Today’s author is Prince of Peace member, Carol Swanson.

Photo by Sven Wilhelm on Unsplash

If you were asked what is your favorite parable, what would your answer be?  I think I can safely bet it isn’t the “Parable of the Wicked Tenants.” It’s an uncomfortable story, a disturbing story, that Jesus told the priests, scribes and elders who questioned his authority.  

“A man planted a vineyard, put a fence around it, dug a pit for the wine press, and built a watchtower; then he leased it to tenants and went to another country. When the season came, he sent a slave to the tenants to collect from them his share of the produce of the vineyard. But they seized him, and beat him, and sent him away empty-handed. And again he sent another slave to them; and this one they beat over the head and insulted. Then he sent another, and that one they killed. And so it was with many others; some they beat, and others they killed. He had still one other, a beloved son. Finally he sent him to them, saying, ‘They will respect my son.’ But those tenants said to one another, ‘This is the heir; come, let us kill him, and the inheritance will be ours.’ So they seized him, killed him, and threw him out of the vineyard. What then will the owner of the vineyard do? He will come and destroy the tenants and give the vineyard to others.” (Mark 12:1-9)

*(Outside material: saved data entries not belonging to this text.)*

Lemma positive_of_positive_box {s t0 xs vs c dl : R} :
  0 < s -> s < t0 -> 0 < c -> 0 < dl ->
  (forall x v, `|x - xs| < dl -> `|v - vs| < dl -> c < f s x v) ->
  forall x0 v0, 0 < f t0 x0 v0.
Proof.
move=> s0 st0 c0 dl0 f_pos x0 v0.
have [xi [eta [deta [H [xi_d eta_d [xi_s eta_s] [xi_t0 eta_t0] path_bounded]]]]] :=
  bounded_cubic_path xs vs x0 v0 st0.
have [beta [b1 sb bdl]] := bump_width_exists sigma_gt0 dl0.
set Rx := H + 3; set Rv := H + 2.
have [MV MV_bound] := derive1_V_locally_bounded Rx.
set M := H + MV + `|nu| * Rv.
have path_in t : s <= t <= t0 -> `|xi t| + 2 < Rx /\ `|eta t| + 1 < Rv.
  by case/path_bounded => *; rewrite /Rx /Rv; split; lra.
have drift t x v : s <= t <= t0 -> `|x| <= Rx -> `|v| <= Rv ->
    (deta t + (derive1 V x + nu * v))^+2 <= M^+2.
  move=> /path_bounded[_ _ dH] /MV_bound Vx vR.
  set E := deta t + _; have EM : `|E| <= M.
    apply: le_trans (ler_normD _ _) _; rewrite /M -addrA lerD //.
    by apply: le_trans (ler_normD _ _) _; rewrite lerD // normrM ler_wpM2l.
  by rewrite -real_normK ?num_real //; have := normr_ge0 E; nra.
set K := 12 * sigma * beta + M^+2 / sigma + 1; set A := expR (- nu * s) * c.
have A0 : 0 < A by rewrite mulr_gt0 ?expR_gt0.
have below := barrier_below_solution beta A K s t0 Rx Rv (M^+2) xi eta deta
  s0 b1 sb A0 (lexx K) xi_d eta_d path_in drift
  (barrier_initially_below beta K s c dl xs vs xi eta s0 c0 (lt_le_trans ltr01 b1) sb bdl dl0
     f_pos xi_s eta_s).
have [xH vH _] := path_bounded t0 ltac:(rewrite lexx andbT; exact: ltW).
have := below t0 (xi t0) (eta t0) ltac:(by rewrite lexx ltW) ltac:(rewrite /Rx; lra)
  ltac:(rewrite /Rv; lra).
rewrite /barrier bump_center expr1n mulr1 xi_t0 eta_t0 => at_target.
rewrite -(pmulr_rgt0 _ (expR_gt0 (- nu * t0))); apply: lt_le_trans at_target.
by rewrite /barrier_amplitude !mulr_gt0 ?expR_gt0.
Qed.

End KineticFokkerPlanck.

Theorem proposition7p1 (R : realType) (nu sigma : R) (V : R -> R)
    (f0 : R * R -> R) (f : R -> R -> R -> R) :
  0 < nu -> 0 < sigma ->
  W2inf_loc V ->
  V x @[x --> +oo] --> +oo ->
  V x @[x --> -oo] --> +oo ->
  (@leb2 R).-integrable setT (fun z => (f0 z)%:E) ->
  (forall z, 0 <= f0 z) ->
  (\int[@leb2 R]_z (f0 z)%:E = 1)%E ->
  kfp_solution nu sigma V f0 f ->
  forall t x v, 0 < t -> 0 < f t x v.
Proof.
move=> _ sigma_gt0 /W2inf_loc_derive1_bounded V'_bounded _ _ _ _ _.
move=> [f_der [f_cont [_ [_ [_ [_ [f_eq [f_ge0 [f_mass _]]]]]]]]] t x v t0.
have s0 : 0 < t / 2 by rewrite divr_gt0.
have [[xs vs] /= f_pos] := integral_eq1_exists_gt0 (@leb2 R)
  (fun z : R * R => f (t / 2) z.1 z.2) (fun z => f_ge0 _ z.1 z.2 s0) (f_mass _ s0).2.
have [c [dl [c0 dl0 box]]] := continuous_positive_box f_cont s0 f_pos.
apply: (positive_of_positive_box sigma_gt0 f_der f_eq f_ge0 f_cont V'_bounded s0 _ c0 dl0 box).
rewrite ltr_pdivrMr //; lra.
Qed.
(* Let $a>0$, $u>0$ and $v\in\mathbb{R}$. The inequality $a\cosh x\le\cosh(ux+v)$ holds for all real $x$ if and only if $a\in(0,1]$, $u\ge1$ and $|v|\le v_0(a,u)$, where: if $u>1$, $$v_0=u\log\left(\frac{A}{a}+\frac{uB}{a}\right)-\log(A+B),\qquad A=\sqrt{\frac{u^2-a^2}{u^2-1}},\ B=\sqrt{\frac{1-a^2}{u^2-1}},$$ and if $u=1$, $v_0=-\log a$. *)

From Stdlib Require Import Reals.
Open Scope R_scope.

Definition vA (a u : R) : R := sqrt ((u ^ 2 - a ^ 2) / (u ^ 2 - 1)).
Definition vB (a u : R) : R := sqrt ((1 - a ^ 2) / (u ^ 2 - 1)).

Definition v0 (a u : R) : R :=
  if Req_EM_T u 1 then - ln a
  else u * ln (vA a u / a + u * vB a u / a) - ln (vA a u + vB a u).

From Stdlib Require Import Reals Lra Psatz.
Open Scope R_scope.

(* For u > 1 write A = vA a u and B = vB a u, so that A^2 - B^2 = 1 and
   A^2 - u^2 B^2 = a^2.  With x* = ln ((A + u B) / a) and c* = ln (A + B) the
   addition formula gives a cosh (x* + d) = A cosh d + u B sinh d and
   cosh (c* + y) = A cosh y + B sinh y, while v0 = u x* - c*.  Hence
   a cosh x <= cosh (u x - v0) amounts to
   A cosh d + u B sinh d <= A cosh (u d) + B sinh (u d), true as B <= A and
   u >= 1, with equality at d = 0.  Evenness of cosh turns this into the
   sufficiency of |v| <= v0, and testing the hypothesis at x = x*, -x* and -v/u
   gives its necessity.  For u = 1 the bound -ln a comes from comparing both
   sides as x -> +-oo, and u < 1 is impossible because cosh (u x + v) grows more
   slowly than a cosh x. *)

Lemma exp_le x y : x <= y -> exp x <= exp y.
Proof. intros [Hlt | ->]; [left; apply exp_increasing |]; lra. Qed.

As the story begins, like many, I’m tempted to picture the man planting the vineyard in the role of God. Afterall, a man planting a vineyard is a repeated metaphor for God and Israel in scripture (see Isaiah 5:1-7 and Psalm 80:8-15). But as the story progresses, I become very uncomfortable with the man in that role. He is an absentee landlord who repeatedly sends slaves into a situation where they are badly hurt or killed to get his share. And he then sends his “beloved son” who is also killed by the tenants hoping to become the heirs. Jesus asks what will this vineyard owner do? And then answers, “He will come and destroy the tenants and give the vineyard to others.”  Hmm. The tenants are violent.  And this God is violent, vengeful.

I think of Jesus as being nonviolent in his healing and teaching about community, forgiveness, and reconciliation.  Would Jesus answer that God would come in violence to wipe out the tenants? Or is there another way to look at the parable?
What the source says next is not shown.